> EXCERPTED RECORDS:

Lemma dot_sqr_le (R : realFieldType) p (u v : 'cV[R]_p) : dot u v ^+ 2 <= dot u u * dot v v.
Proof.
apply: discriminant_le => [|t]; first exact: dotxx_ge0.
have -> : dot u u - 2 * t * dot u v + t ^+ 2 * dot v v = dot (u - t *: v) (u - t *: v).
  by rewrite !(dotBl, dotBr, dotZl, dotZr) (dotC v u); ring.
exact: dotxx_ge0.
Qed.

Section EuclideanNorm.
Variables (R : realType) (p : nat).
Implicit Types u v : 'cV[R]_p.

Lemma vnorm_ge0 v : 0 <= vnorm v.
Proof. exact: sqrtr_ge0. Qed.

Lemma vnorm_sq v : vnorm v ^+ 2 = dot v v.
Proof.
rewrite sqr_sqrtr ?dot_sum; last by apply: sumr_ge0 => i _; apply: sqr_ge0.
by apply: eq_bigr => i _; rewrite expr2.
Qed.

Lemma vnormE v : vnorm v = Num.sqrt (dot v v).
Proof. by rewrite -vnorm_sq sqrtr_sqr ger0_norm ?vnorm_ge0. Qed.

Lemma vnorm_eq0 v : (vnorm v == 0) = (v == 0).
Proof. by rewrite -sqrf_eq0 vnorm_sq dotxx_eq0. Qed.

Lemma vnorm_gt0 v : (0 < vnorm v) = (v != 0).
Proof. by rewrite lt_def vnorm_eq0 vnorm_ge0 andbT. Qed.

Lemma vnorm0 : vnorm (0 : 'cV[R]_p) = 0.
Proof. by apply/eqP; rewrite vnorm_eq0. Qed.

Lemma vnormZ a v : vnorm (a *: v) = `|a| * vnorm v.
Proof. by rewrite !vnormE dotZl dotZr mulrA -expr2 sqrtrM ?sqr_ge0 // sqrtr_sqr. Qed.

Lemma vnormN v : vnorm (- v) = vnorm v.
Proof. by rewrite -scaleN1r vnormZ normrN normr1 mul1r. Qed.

--

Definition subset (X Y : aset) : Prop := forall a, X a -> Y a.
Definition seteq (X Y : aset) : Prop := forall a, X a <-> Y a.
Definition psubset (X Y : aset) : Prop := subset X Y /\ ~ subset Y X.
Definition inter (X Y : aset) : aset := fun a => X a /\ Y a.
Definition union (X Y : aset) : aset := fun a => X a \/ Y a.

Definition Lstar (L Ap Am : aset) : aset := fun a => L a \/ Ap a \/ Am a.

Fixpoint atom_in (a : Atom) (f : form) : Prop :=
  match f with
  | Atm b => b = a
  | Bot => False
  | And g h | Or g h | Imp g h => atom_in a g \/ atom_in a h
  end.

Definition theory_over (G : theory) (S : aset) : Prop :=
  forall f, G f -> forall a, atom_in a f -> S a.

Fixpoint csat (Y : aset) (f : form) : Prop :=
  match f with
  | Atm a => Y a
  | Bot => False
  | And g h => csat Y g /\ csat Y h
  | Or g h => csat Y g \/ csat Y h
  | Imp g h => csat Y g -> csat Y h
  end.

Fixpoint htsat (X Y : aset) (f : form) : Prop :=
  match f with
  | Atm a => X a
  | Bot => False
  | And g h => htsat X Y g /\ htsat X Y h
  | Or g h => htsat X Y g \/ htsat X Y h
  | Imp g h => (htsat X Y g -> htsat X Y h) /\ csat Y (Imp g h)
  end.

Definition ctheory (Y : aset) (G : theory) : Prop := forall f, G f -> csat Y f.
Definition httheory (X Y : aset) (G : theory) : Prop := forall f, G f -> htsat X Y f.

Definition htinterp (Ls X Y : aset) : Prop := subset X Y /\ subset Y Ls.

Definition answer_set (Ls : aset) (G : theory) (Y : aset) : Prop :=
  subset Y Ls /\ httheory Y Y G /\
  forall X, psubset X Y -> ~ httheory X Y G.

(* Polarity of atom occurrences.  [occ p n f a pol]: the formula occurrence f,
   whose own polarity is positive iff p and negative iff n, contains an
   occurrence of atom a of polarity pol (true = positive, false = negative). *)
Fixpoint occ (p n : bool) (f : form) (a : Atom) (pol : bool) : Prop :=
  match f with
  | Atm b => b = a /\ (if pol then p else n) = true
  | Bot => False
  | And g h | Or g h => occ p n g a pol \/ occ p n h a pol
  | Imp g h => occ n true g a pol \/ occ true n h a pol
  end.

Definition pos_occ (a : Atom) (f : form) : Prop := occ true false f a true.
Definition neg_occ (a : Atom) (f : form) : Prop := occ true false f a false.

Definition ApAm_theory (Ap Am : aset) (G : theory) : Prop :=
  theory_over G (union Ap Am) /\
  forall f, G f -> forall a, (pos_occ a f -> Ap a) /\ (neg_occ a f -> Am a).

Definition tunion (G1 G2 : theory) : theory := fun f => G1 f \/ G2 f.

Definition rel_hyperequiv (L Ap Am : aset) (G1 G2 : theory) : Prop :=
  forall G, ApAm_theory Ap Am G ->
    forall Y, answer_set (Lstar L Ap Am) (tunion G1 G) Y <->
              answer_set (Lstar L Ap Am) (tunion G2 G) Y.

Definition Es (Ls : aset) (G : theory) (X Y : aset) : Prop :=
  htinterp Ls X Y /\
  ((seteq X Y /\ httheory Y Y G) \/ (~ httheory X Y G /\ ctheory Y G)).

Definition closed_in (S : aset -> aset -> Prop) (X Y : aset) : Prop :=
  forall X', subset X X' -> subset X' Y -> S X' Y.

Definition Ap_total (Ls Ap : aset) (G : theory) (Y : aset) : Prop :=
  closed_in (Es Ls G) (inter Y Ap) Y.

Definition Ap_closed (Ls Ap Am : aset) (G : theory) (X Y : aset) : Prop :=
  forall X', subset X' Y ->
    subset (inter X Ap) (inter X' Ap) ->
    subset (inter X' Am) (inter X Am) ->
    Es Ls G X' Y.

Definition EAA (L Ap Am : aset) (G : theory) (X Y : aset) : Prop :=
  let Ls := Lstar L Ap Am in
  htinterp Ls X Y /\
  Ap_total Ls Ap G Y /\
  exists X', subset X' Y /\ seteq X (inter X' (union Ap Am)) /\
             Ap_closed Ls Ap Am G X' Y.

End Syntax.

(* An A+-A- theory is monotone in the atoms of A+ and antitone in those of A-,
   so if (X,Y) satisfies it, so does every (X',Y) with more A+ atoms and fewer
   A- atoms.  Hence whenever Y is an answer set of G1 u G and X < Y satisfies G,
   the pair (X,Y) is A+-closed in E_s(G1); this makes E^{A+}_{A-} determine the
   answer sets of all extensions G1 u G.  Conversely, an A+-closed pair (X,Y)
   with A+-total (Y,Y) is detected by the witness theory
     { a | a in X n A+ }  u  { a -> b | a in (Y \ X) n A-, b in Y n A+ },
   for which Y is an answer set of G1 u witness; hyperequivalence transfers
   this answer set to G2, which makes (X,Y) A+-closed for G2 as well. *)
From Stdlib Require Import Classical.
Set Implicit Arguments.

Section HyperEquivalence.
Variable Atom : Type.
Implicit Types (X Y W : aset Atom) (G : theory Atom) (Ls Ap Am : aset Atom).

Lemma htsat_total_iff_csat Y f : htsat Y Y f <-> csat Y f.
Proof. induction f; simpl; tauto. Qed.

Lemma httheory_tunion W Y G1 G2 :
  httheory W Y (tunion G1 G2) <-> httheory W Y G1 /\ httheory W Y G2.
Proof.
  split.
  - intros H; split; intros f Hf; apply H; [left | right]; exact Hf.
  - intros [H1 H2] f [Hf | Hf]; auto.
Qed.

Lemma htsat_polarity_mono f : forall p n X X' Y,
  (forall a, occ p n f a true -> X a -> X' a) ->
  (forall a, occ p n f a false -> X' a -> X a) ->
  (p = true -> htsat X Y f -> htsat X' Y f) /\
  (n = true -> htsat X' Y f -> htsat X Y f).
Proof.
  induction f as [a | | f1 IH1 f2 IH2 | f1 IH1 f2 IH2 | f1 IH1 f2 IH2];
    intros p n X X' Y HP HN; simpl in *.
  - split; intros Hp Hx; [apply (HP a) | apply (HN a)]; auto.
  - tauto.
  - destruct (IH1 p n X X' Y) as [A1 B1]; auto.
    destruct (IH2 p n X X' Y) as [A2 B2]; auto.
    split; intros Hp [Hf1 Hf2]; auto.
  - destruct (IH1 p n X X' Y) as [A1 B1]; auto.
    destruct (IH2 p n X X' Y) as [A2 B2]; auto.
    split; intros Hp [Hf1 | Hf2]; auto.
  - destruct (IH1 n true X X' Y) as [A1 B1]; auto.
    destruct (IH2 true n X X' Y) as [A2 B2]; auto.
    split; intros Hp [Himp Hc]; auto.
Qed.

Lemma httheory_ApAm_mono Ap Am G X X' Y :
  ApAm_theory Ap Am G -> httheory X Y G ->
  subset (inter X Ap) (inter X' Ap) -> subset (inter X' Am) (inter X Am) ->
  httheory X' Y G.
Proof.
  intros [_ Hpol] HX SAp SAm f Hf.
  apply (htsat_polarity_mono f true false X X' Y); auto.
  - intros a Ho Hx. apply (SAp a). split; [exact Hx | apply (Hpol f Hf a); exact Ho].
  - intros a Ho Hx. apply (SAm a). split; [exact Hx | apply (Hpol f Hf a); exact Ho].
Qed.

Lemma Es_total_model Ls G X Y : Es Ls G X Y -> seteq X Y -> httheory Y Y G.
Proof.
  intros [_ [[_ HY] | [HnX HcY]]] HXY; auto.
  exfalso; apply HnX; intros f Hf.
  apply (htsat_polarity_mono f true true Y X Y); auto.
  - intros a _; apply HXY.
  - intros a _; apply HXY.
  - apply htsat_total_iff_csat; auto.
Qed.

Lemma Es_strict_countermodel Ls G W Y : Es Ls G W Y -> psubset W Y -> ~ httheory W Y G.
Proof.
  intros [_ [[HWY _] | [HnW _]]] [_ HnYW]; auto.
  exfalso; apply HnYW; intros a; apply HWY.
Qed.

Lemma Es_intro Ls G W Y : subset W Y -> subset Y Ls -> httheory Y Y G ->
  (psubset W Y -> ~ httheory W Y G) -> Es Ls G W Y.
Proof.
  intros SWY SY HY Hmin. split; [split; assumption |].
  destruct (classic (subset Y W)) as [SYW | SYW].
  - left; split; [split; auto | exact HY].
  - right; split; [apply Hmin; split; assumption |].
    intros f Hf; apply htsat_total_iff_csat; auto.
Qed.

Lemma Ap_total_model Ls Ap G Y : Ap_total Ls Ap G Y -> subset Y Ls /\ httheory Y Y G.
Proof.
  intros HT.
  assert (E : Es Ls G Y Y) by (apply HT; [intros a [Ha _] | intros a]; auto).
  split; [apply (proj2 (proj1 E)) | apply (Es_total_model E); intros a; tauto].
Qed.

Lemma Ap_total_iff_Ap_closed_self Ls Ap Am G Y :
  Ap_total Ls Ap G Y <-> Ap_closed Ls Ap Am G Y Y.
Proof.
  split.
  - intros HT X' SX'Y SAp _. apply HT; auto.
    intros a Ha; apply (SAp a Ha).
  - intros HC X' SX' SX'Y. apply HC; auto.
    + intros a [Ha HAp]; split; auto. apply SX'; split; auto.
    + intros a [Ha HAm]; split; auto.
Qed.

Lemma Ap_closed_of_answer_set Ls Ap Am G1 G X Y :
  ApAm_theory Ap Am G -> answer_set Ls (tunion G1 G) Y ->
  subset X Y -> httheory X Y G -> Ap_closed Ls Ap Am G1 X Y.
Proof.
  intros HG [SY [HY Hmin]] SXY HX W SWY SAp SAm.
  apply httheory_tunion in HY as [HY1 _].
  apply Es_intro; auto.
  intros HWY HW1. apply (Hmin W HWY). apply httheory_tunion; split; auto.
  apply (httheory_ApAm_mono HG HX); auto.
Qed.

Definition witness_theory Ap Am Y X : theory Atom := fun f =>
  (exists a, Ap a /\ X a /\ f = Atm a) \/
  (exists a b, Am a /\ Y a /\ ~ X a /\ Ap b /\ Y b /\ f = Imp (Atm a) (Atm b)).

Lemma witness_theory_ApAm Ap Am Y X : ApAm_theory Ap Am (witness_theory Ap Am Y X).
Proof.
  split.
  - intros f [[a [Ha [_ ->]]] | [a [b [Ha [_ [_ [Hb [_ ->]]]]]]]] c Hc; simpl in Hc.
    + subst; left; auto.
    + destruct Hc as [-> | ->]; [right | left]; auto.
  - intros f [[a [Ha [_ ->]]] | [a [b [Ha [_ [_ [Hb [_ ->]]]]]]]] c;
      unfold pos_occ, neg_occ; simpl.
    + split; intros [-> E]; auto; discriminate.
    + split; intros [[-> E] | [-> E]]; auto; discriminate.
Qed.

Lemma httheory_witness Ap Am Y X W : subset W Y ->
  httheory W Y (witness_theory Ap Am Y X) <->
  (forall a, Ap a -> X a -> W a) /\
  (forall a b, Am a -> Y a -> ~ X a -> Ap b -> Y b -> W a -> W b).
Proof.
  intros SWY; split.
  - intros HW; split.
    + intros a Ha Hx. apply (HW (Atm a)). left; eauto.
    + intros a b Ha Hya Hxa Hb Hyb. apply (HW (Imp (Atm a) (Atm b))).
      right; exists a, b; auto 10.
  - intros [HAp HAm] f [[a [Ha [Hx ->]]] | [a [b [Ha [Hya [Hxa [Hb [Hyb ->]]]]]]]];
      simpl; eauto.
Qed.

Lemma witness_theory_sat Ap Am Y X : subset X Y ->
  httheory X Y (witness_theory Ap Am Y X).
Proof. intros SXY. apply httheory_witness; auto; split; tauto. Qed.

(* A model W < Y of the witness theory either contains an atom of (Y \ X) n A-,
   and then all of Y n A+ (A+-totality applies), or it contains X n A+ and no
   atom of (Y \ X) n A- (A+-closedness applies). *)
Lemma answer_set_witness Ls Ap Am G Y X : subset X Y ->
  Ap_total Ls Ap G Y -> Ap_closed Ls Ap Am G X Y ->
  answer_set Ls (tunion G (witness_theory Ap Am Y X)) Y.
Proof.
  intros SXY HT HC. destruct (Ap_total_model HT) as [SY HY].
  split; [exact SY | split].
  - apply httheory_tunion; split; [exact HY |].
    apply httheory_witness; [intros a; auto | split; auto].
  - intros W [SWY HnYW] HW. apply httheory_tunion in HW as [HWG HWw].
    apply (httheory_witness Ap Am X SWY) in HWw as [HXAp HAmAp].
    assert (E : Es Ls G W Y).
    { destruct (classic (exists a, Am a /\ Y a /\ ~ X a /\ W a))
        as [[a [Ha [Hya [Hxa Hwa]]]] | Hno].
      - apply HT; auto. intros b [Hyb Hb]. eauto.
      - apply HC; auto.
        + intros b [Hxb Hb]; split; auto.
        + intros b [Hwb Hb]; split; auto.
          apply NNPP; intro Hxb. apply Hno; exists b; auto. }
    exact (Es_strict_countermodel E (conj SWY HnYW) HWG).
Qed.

> TASK INSTRUCTIONS:
Repeat, word for word, the lines above between the line holding "intros SWY SY" and the line holding "subst; left; auto.", inclusive; omit everything else.

> EXERCISE ANSWER:
  intros SWY SY HY Hmin. split; [split; assumption |].
  destruct (classic (subset Y W)) as [SYW | SYW].
  - left; split; [split; auto | exact HY].
  - right; split; [apply Hmin; split; assumption |].
    intros f Hf; apply htsat_total_iff_csat; auto.
Qed.

Lemma Ap_total_model Ls Ap G Y : Ap_total Ls Ap G Y -> subset Y Ls /\ httheory Y Y G.
Proof.
  intros HT.
  assert (E : Es Ls G Y Y) by (apply HT; [intros a [Ha _] | intros a]; auto).
  split; [apply (proj2 (proj1 E)) | apply (Es_total_model E); intros a; tauto].
Qed.

Lemma Ap_total_iff_Ap_closed_self Ls Ap Am G Y :
  Ap_total Ls Ap G Y <-> Ap_closed Ls Ap Am G Y Y.
Proof.
  split.
  - intros HT X' SX'Y SAp _. apply HT; auto.
    intros a Ha; apply (SAp a Ha).
  - intros HC X' SX' SX'Y. apply HC; auto.
    + intros a [Ha HAp]; split; auto. apply SX'; split; auto.
    + intros a [Ha HAm]; split; auto.
Qed.

Lemma Ap_closed_of_answer_set Ls Ap Am G1 G X Y :
  ApAm_theory Ap Am G -> answer_set Ls (tunion G1 G) Y ->
  subset X Y -> httheory X Y G -> Ap_closed Ls Ap Am G1 X Y.
Proof.
  intros HG [SY [HY Hmin]] SXY HX W SWY SAp SAm.
  apply httheory_tunion in HY as [HY1 _].
  apply Es_intro; auto.
  intros HWY HW1. apply (Hmin W HWY). apply httheory_tunion; split; auto.
  apply (httheory_ApAm_mono HG HX); auto.
Qed.

Definition witness_theory Ap Am Y X : theory Atom := fun f =>
  (exists a, Ap a /\ X a /\ f = Atm a) \/
  (exists a b, Am a /\ Y a /\ ~ X a /\ Ap b /\ Y b /\ f = Imp (Atm a) (Atm b)).

Lemma witness_theory_ApAm Ap Am Y X : ApAm_theory Ap Am (witness_theory Ap Am Y X).
Proof.
  split.
  - intros f [[a [Ha [_ ->]]] | [a [b [Ha [_ [_ [Hb [_ ->]]]]]]]] c Hc; simpl in Hc.
    + subst; left; auto.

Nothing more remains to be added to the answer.